A possible solution to this dilemma, Kornhouser says, is to collect GPS data on travel time in certain segments from motor carriers into a single database via wireless communications. In other words, each vehicle would be a probe to collect information and share it with drivers and fleets with vehicles in the same area.

“This is not a new concept; truckers have been doing it forever with CBs,” Kornhouser says. “The problem with that is it’s confined and only gives you a snapshot of what’s ahead and not the alternatives.” While real-time traffic updates could save time and money for drivers and carriers, many people hesitate to share their vehicle speed and location with the general public.

“People are concerned about the privacy issue,” Kornhouser says. “We have to deal with it head on and assure them that this is not big brother thing. It’s about allowing drivers to make more money.”

The process of sharing position and vehicle speed in such a manner with other carriers is well underway and will continue to become more prevalent in the future, says Chris Wolfe, vice president of Qualcomm’s Wireless Business Solutions. Wolfe says that most carriers see data sharing as a value proposition. The question is, who will be willing to pay for it?
“We’re working through it right now,” Wolfe says. “It will be another two to three years before a lot of that comes to fruition.”

As cartographers continue to develop wireless means to send instant updates, such as traffic congestion, to GIS databases, carriers can wirelessly feed this data into sophisticated route optimization software.

As trucks cross geofences (circles) that surround landmarks (triangles), PeopleNet’s Pacos system will trigger delivery of preset messages to drivers, dispatchers and shippers.

For example, A.Maze Routes, a route optimization product developed primarily for regional multi-stop delivery services by GEOCOMtms automatically recalculates the optimal delivery sequence for each driver as new data is entered into the carrier’s order entry and dispatch system. It can also re-optimize routes based on changes to one of many different “constraints” including road closures and traffic congestion, says Bernard Tetu, president of the Quebec City, Canada-based company.

In addition to using up-to-the-minute GIS and traffic data to optimize route planning, some carriers use location-based event reporting to automate the process of sending messages back and forth between dispatchers, drivers and customers. By geocoding the location of a customer on a digital map, a dispatcher back at the office would automatically receive the message “arrived at shipper” when the driver pulls into the gate.

This month, PeopleNet Communications will be adding a new service called IMessaging as it rolls out the second phase of its Pacos platform, says Brian McLaughlin, PeopleNet’s director of marketing. IMessages can also be triggered both when expected events do and do not occur.

“Automatic messaging takes a map from presenting data points to presenting knowledge and decisional data,” McLaughlin says. “GIS says ‘the truck is here,’ but with Pacos, it starts to say ‘the truck is not here’ or it says ‘the truck has just arrived, now take these actions.'”

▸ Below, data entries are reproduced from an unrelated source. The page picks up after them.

(* Let $S$ be a semidomain. The following are equivalent: (a) $S$ is an FFS; (b) $S[x]$ is an FFS; (c) $S[x^{\pm1}]$ is an FFS.
   Context: A semidomain is a subset $S$ of an integral domain $R$ containing $0$ and $1$ and closed under addition and multiplication; $S^*=S\setminus\{0\}$ is a monoid under multiplication, with units forming $S^\times$; $b,c\in S^*$ are associates if each divides the other in $S^*$. An atom is a nonunit $a\in S^*$ such that $a=bc$ with $b,c\in S^*$ forces $b$ or $c$ to be a unit; $S$ is atomic if every nonunit of $S^*$ is a finite product of atoms. $S$ is a finite factorization semidomain (FFS) if $S$ is atomic and every element of $S^*$ has only finitely many factorizations into atoms, where factorizations are considered up to order and associates of the atoms (equivalently, every element of $S^*$ has only finitely many divisors in $S^*$ up to associates). $S[x]$ (resp. $S[x^{\pm1}]$) is the semidomain of polynomials (resp. Laurent polynomials) in $R[x]$ (resp. $R[x^{\pm1}]$) with coefficients in $S$. *)

From HB Require Import structures.
From mathcomp Require Import all_boot all_order all_algebra fraction.
From Stdlib Require List Permutation.
Set Implicit Arguments. Unset Strict Implicit. Unset Printing Implicit Defensive.
Import Order.TTheory GRing.Theory Num.Theory.
Local Open Scope ring_scope.

Definition semidomain (R : idomainType) (S : R -> Prop) : Prop :=
  S 0 /\ S 1 /\ (forall a b, S a -> S b -> S (a + b)) /\
  (forall a b, S a -> S b -> S (a * b)).

Section Factorization.
Variables (D : comNzRingType) (S : D -> Prop).

Definition snz (x : D) : Prop := S x /\ x <> 0.

Definition sdvd (b c : D) : Prop := exists d, snz d /\ c = b * d.

Definition sunit (u : D) : Prop := snz u /\ exists v, snz v /\ u * v = 1.

Definition sassoc (b c : D) : Prop := snz b /\ snz c /\ sdvd b c /\ sdvd c b.

Definition satom (a : D) : Prop :=
  snz a /\ ~ sunit a /\
  forall b c, snz b -> snz c -> a = b * c -> sunit b \/ sunit c.

Definition satomic : Prop :=
  forall x, snz x -> ~ sunit x ->
    exists s : seq D, List.Forall satom s /\ x = \prod_(a <- s) a.

Definition sfactorization (x : D) (s : seq D) : Prop :=
  List.Forall satom s /\ \prod_(a <- s) a = x.

Definition fact_equiv (s t : seq D) : Prop :=
  exists t', Permutation.Permutation t t' /\ List.Forall2 sassoc s t'.

Definition FFS : Prop :=
  satomic /\
  forall x, snz x ->
    exists L : seq (seq D),
      forall s, sfactorization x s -> exists t, List.In t L /\ fact_equiv s t.
End Factorization.

Definition polyS (R : idomainType) (S : R -> Prop) : {poly R} -> Prop :=
  fun p => forall i, S p`_i.

(* S[x^{+-1}]: Laurent polynomials with coefficients in S, realised inside the
   fraction field of R[x] as the elements p / x^n with p in S[x]. *)
Definition laurentS (R : idomainType) (S : R -> Prop) : {fraction {poly R}} -> Prop :=
  fun f => exists (p : {poly R}) (n : nat), polyS S p /\ f = tofrac p / tofrac ('X^n).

Carriers can also use location-based event reporting to define a path of travel, a “geocorridor,” to be notified as drivers travel out of route. Another feature is “geofencing” or drawing a radius around a location to trigger an automatic message (or alert) when a truck crosses the imaginary boundary. Geofencing can be used to monitor both positive and negative events, says Qualcomm’s Wolfe. In a time of heightened security, you may decide to place a geofence around a nuclear power plant or military base.

Contrary to what you may hear from your real estate agent, in the trucking industry, the continued development – and benefit to carriers – of enhancements to GIS proves that location isn’t always everything. It’s what you do with that location that matters.